Problem to solve — Using the records provided below, locate and copy each line that contains the word "form".

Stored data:
(* Let $Q$ be a finite quiver, $A=\Bbbk Q/(\geq 2)$, $J$ the ideal of $A$ generated by the loops, $B=A/J$. For each vertex $i$ let $\tilde P_i=Be_i$, let $\tilde I_i$ be the indecomposable injective $B$-module at $i$, and let $S_i$ be the simple module at $i$; regard these as $A$-modules. Then: (1) If $i\neq j$ and $\{\tilde P_i,\tilde P_j\}$ is a brick set in $A$-mod, then $\mathrm{Ext}^1_A(\tilde P_i,\tilde P_j)=0$; and if $\tilde P_i\not\cong S_i$ then $\mathrm{Ext}^1_A(\tilde P_i,\tilde P_i)=0$. (2) If $i\neq j$ and $\{\tilde I_i,\tilde I_j\}$ is a brick set in $A$-mod, then $\mathrm{Ext}^1_A(\tilde I_i,\tilde I_j)=0$; and if $\tilde I_i\not\cong S_i$ then $\mathrm{Ext}^1_A(\tilde I_i,\tilde I_i)=0$. (3) If $i\neq j$ then $\mathrm{Ext}^1_A(\tilde P_i,S_j)=0$. (4) If $i\neq j$ then $\mathrm{Ext}^1_A(S_i,\tilde I_j)=0$.
   Context: $\Bbbk$ is an algebraically closed field; $\Bbbk Q$ is the path algebra with $e_i\alpha=\delta_{i,t(\alpha)}\alpha$, $\alpha e_j=\delta_{j,s(\alpha)}\alpha$; $(\geq 2)$ is the ideal generated by paths of length $\geq 2$; modules are finite-dimensional left modules, and a $B$-module is regarded as an $A$-module via $A\to B=A/J$. The indecomposable injective $B$-module at $i$ is $\tilde I_i=\mathrm{Hom}_\Bbbk(e_iB,\Bbbk)$. A brick is a module $M$ with $\mathrm{End}(M)=\Bbbk$; a set $\{X_1,\dots,X_k\}$ of nonzero modules is a brick set if each is a brick and $\dim\mathrm{Hom}(X_a,X_b)=\delta_{ab}$. *)

From HB Require Import structures.
From mathcomp Require Import all_boot all_order all_algebra.
Unset Printing Implicit Defensive.
Import GRing.Theory.
Local Open Scope ring_scope.

Section Quiver.
Variables (F : closedFieldType) (V Arr : finType) (s t : Arr -> V).

(* The standard basis of A = kQ/(>=2): trivial paths e_i (inl i) and
   arrows (inr a). *)
Definition pbasis := (V + Arr)%type.

(* Product of two basis elements of A (None = 0), with the convention
   e_i a = delta_{i,t a} a, a e_j = delta_{j,s a} a, paths of length 2 = 0. *)
Definition mulA (x y : pbasis) : option pbasis :=
  match x, y with
  | inl i, inl j => if i == j then Some (inl i) else None
  | inl i, inr a => if t a == i then Some (inr a) else None
  | inr a, inl j => if s a == j then Some (inr a) else None
  | inr _, inr _ => None
  end.

Definition is_loop (x : pbasis) : bool :=
  if x is inr a then s a == t a else false.

(* Product in B = A/J (J generated by the loops): the non-loop basis
   elements form a basis of B, and loops map to 0. *)
Definition mulB (x y : pbasis) : option pbasis :=
  if is_loop x || is_loop y then None else mulA x y.

(* A finite-dimensional left A-module: F^n (column vectors) with the
   matrices by which the basis elements of A act. *)
Record amod := AMod { mdim : nat; mact : pbasis -> 'M[F]_mdim }.

Definition optmx n (o : option pbasis) (M : pbasis -> 'M[F]_n) : 'M[F]_n :=
  if o is Some z then M z else 0.

Definition is_amod (M : amod) : Prop :=
  (forall x y, mact M x *m mact M y = optmx (mdim M) (mulA x y) (mact M)) /\
  \sum_(i : V) mact M (inl i) = 1%:M.

Definition is_hom (M N : amod) : 'M[F]_(mdim N, mdim M) -> Prop :=
  fun f => forall x, f *m mact M x = mact N x *m f.

Definition hom_zero (M N : amod) : Prop :=
  forall f, is_hom M N f -> f = 0.

Definition brick (M : amod) : Prop :=
  (0 < mdim M)%N /\ forall f, is_hom M M f -> exists c : F, f = c%:M.

Definition brick_set (I : finType) (X : I -> amod) : Prop :=
  (forall a, brick (X a)) /\ (forall a b, a != b -> hom_zero (X a) (X b)).

Definition iso (M N : amod) : Prop :=
  exists (f : 'M[F]_(mdim N, mdim M)) (g : 'M[F]_(mdim M, mdim N)),
    [/\ is_hom M N f, is_hom N M g, f *m g = 1%:M & g *m f = 1%:M].

(* Ext^1_A(M, N) = 0, in Yoneda form: every short exact sequence
   0 -> N -i-> E -p-> M -> 0 of A-modules splits. *)
Definition Ext1_zero (M N : amod) : Prop :=
  forall E : amod, is_amod E ->
  forall (i : 'M[F]_(mdim E, mdim N)) (p : 'M[F]_(mdim M, mdim E)),
    is_hom N E i -> is_hom E M p ->
    (forall w : 'cV[F]_(mdim N), i *m w = 0 -> w = 0) ->
    (forall u : 'cV[F]_(mdim M), exists v, p *m v = u) ->
    p *m i = 0 ->
    (forall v : 'cV[F]_(mdim E), p *m v = 0 -> exists w, v = i *m w) ->
    exists r : 'M[F]_(mdim E, mdim M), is_hom M E r /\ p *m r = 1%:M.

Definition fmx (T : finType) (f : T -> T -> F) : 'M[F]_#|{: T}| :=
  \matrix_(r, c) f (enum_val r) (enum_val c).

(* basis of P~_i = B e_i : non-loop basis elements b with b e_i = b *)
Definition PT (i : V) := {x : pbasis | ~~ is_loop x && (mulB x (inl i) == Some x)}.
(* basis of e_i B : non-loop basis elements b with e_i b = b *)
Definition IT (i : V) := {x : pbasis | ~~ is_loop x && (mulB (inl i) x == Some x)}.

(* P~_i = B e_i: x . c = x c in B *)
Definition Ptil (i : V) : amod :=
  @AMod #|{: PT i}| (fun x =>
    fmx (PT i) (fun r c : PT i => ((mulB x (val c) == Some (val r)) : nat)%:R)).

(* I~_i = Hom_k(e_i B, k), dual basis c^*: (x . c^* )(r) = c^*(r x) *)
Definition Itil (i : V) : amod :=
  @AMod #|{: IT i}| (fun x =>
    fmx (IT i) (fun r c : IT i => ((mulB (val r) x == Some (val c)) : nat)%:R)).

Definition Simple (i : V) : amod :=
  @AMod 1 (fun x => ((x == inl i) : nat)%:R%:M).

End Quiver.

Arguments mdim {F V Arr}.
Arguments mact {F V Arr}.
Arguments is_amod {F V Arr} s t M.
Arguments is_hom {F V Arr} M N.
Arguments hom_zero {F V Arr} M N.
Arguments brick {F V Arr} M.
Arguments brick_set {F V Arr I} X.
Arguments iso {F V Arr} M N.
Arguments Ext1_zero {F V Arr} s t M N.
Arguments Ptil F {V Arr} s t i.
Arguments Itil F {V Arr} s t i.
Arguments Simple F {V Arr} i.

(* B-modules are the A-modules killed by the loops. The point is that P~_i = B e_i
   is projective relative to the A-modules on which the loops at i act as zero,
   and dually I~_j is injective relative to those on which the loops at j vanish.
   So it suffices to show that the loops at the relevant vertex kill the middle
   term E of the extension. A loop l at i factors as l = e_i l = l e_i; when e_i
   kills the submodule (projective case) or the quotient (injective case), which
   is what the brick-set hypothesis, resp. i <> j for simple modules, provides,
   the loop kills E. When P~_i is not simple there is a non-loop arrow a out of i,
   and a l = 0 together with the injectivity of P~_i -> E again forces l E = 0;
   dually for I~_i with a non-loop arrow into i. *)

From Pilot Require Import Defs.
From HB Require Import structures.
From mathcomp Require Import all_boot all_order all_algebra.
Set Implicit Arguments. Unset Strict Implicit. Unset Printing Implicit Defensive.
Import GRing.Theory.
Local Open Scope ring_scope.

Section Matrices.
Variable R : nzRingType.

Lemma mx_rinv_of_surj m n (p : 'M[R]_(m, n)) :
  (forall u : 'cV[R]_m, exists v, p *m v = u) -> exists S, p *m S = 1%:M.
Proof.
move=> surj.
have col_pre (b : 'I_m) : exists v : 'cV[R]_n, p *m v == delta_mx b 0.
  by have [v pv] := surj (delta_mx b 0); exists v; apply/eqP.
exists (\matrix_(a, b) (xchoose (col_pre b)) a 0); apply/matrixP => a b.
have /eqP/matrixP/(_ a 0) := xchooseP (col_pre b).
by rewrite !mxE eqxx andbT => <-; apply: eq_bigr => k _; rewrite mxE.
Qed.

Lemma mx_factor_ker m n k l (p : 'M[R]_(m, n)) (i : 'M[R]_(n, k)) (X : 'M[R]_(n, l)) :
  (forall v : 'cV[R]_n, p *m v = 0 -> exists w : 'cV[R]_k, v = i *m w) ->
  p *m X = 0 -> exists W, X = i *m W.
Proof.
move=> ker_p pX.
have col_pre (b : 'I_l) : exists w : 'cV[R]_k, col b X == i *m w.
  have [|w ->] := ker_p (col b X); last by exists w.
  by rewrite colE mulmxA pX mul0mx.
exists (\matrix_(a, b) (xchoose (col_pre b)) a 0); apply/matrixP => a b.
have /eqP/matrixP/(_ a 0) := xchooseP (col_pre b).
by rewrite !mxE => ->; apply: eq_bigr => j _; rewrite !mxE.
Qed.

Expected output —
   elements form a basis of B, and loops map to 0. *)
(* Ext^1_A(M, N) = 0, in Yoneda form: every short exact sequence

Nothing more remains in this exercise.